- The US stock market plunged as much as 7% immediately after regular trading began on Monday, prompting the first halt since the depths of the financial crisis in December 2008.
- The losses came amid a raging global oil-price war and continued fallout from the coronavirus outbreak.
- All three major US indexes tanked as investors mulled the oil-markets chaos between Saudi Arabia and Russia.
- The rising death toll from the virus in the US prompted new fears of an economic slowdown. The virus has killed 21 people and infected more than 500 people throughout the US.
- Watch major indexes update here.
Stocks plummeted 7% at Monday’s market open, prompting the first marketwide trading halt since the depths of the financial crisis in December 2008. The losses came as an oil-price war and the escalating coronavirus outbreak hammered risk assets from all sides.

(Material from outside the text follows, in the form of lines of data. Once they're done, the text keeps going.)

Definition arc_exact (n : nat) (phi0 phi1 : R -> R) (Phi : R -> R -> R) : Prop :=
  exists A : R -> R -> R, (forall u x, is_derive (A u) x (Phi u x)) /\
    (forall u x, continuous (Phi u) x) /\
    jform (2 * n + 1) ((n + 1) / 2) (fun u => A u (phi1 u) - A u (phi0 u)).

Lemma arc_exact_ext n phi0 phi1 Phi Psi : (forall u x, Phi u x = Psi u x) ->
  arc_exact n phi0 phi1 Phi -> arc_exact n phi0 phi1 Psi.
Proof.
  intros E (A & HD & HC & HJ); exists A; split; [|split]; auto.
  - intros u x; rewrite <- E; auto.
  - intros u x; apply (continuous_ext (Phi u)); auto.
Qed.

Lemma arc_exact_add n phi0 phi1 Phi Psi : arc_exact n phi0 phi1 Phi -> arc_exact n phi0 phi1 Psi ->
  arc_exact n phi0 phi1 (fun u x => Phi u x + Psi u x).
Proof.
  intros (A & HD & HC & HJ) (B & HD' & HC' & HJ').
  exists (fun u x => A u x + B u x); split; [|split].
  - intros u x; apply (is_derive_plus (A u) (B u)); auto.
  - intros u x; apply (continuous_plus (Phi u) (Psi u)); auto.
  - apply jform_ext with (fun u => (A u (phi1 u) - A u (phi0 u)) + (B u (phi1 u) - B u (phi0 u)));
      [intros; ring | apply jform_add; auto].
Qed.

Lemma arc_exact_scal n phi0 phi1 c Phi : arc_exact n phi0 phi1 Phi ->
  arc_exact n phi0 phi1 (fun u x => c * Phi u x).
Proof.
  intros (A & HD & HC & HJ); exists (fun u x => c * A u x); split; [|split].
  - intros u x; apply (is_derive_scal (A u)); auto.
  - intros u x; apply (continuous_scal_r c (Phi u)); auto.
  - apply jform_ext with (fun u => c * (A u (phi1 u) - A u (phi0 u)));
      [intros; ring | apply jform_scal; auto].
Qed.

The three major US indexes declined as equities investors digested the weekend’s oil-market news. The commodity tanked the most since 1991 on Monday morning after Saudi Arabia’s surprise price cuts kicked off a production war with Russia. The move followed Russia’s refusal on Friday to curb oil production to prop up the coronavirus-rattled market.
Concerns about the coronavirus outbreak continued to weigh on investors as cases increased in New York, California, and Florida, among other states, to more than 500 people. The US death toll stood at 21 people, and the recent surge in confirmed cases could stifle economic activity by weakening consumer spending behavior.
The coronavirus has so far killed more than 3,800 people and infected more than 110,000 people.
Here’s where major US indexes stood as of 9:50 a.m. ET:
- S&P 500: 2,755.16, down 7.3%
- Dow Jones industrial average: 23,836.69, down 7.8% (2,028.09 points)
- Nasdaq composite: 7,969.13, down 7.1%
The negative open extended the stock-market sell-off into its third week. Equities tanked for seven days in a row to close out February as fears about the coronavirus outbreak’s economic toll caught up with stocks’ lofty valuations. Risk assets recovered in March’s first trading session before intense price swings saw the market close Friday having erased nearly all month-to-date gains.
Central banks around the world have issued emergency stimulus to counteract an economic hit caused by the outbreak.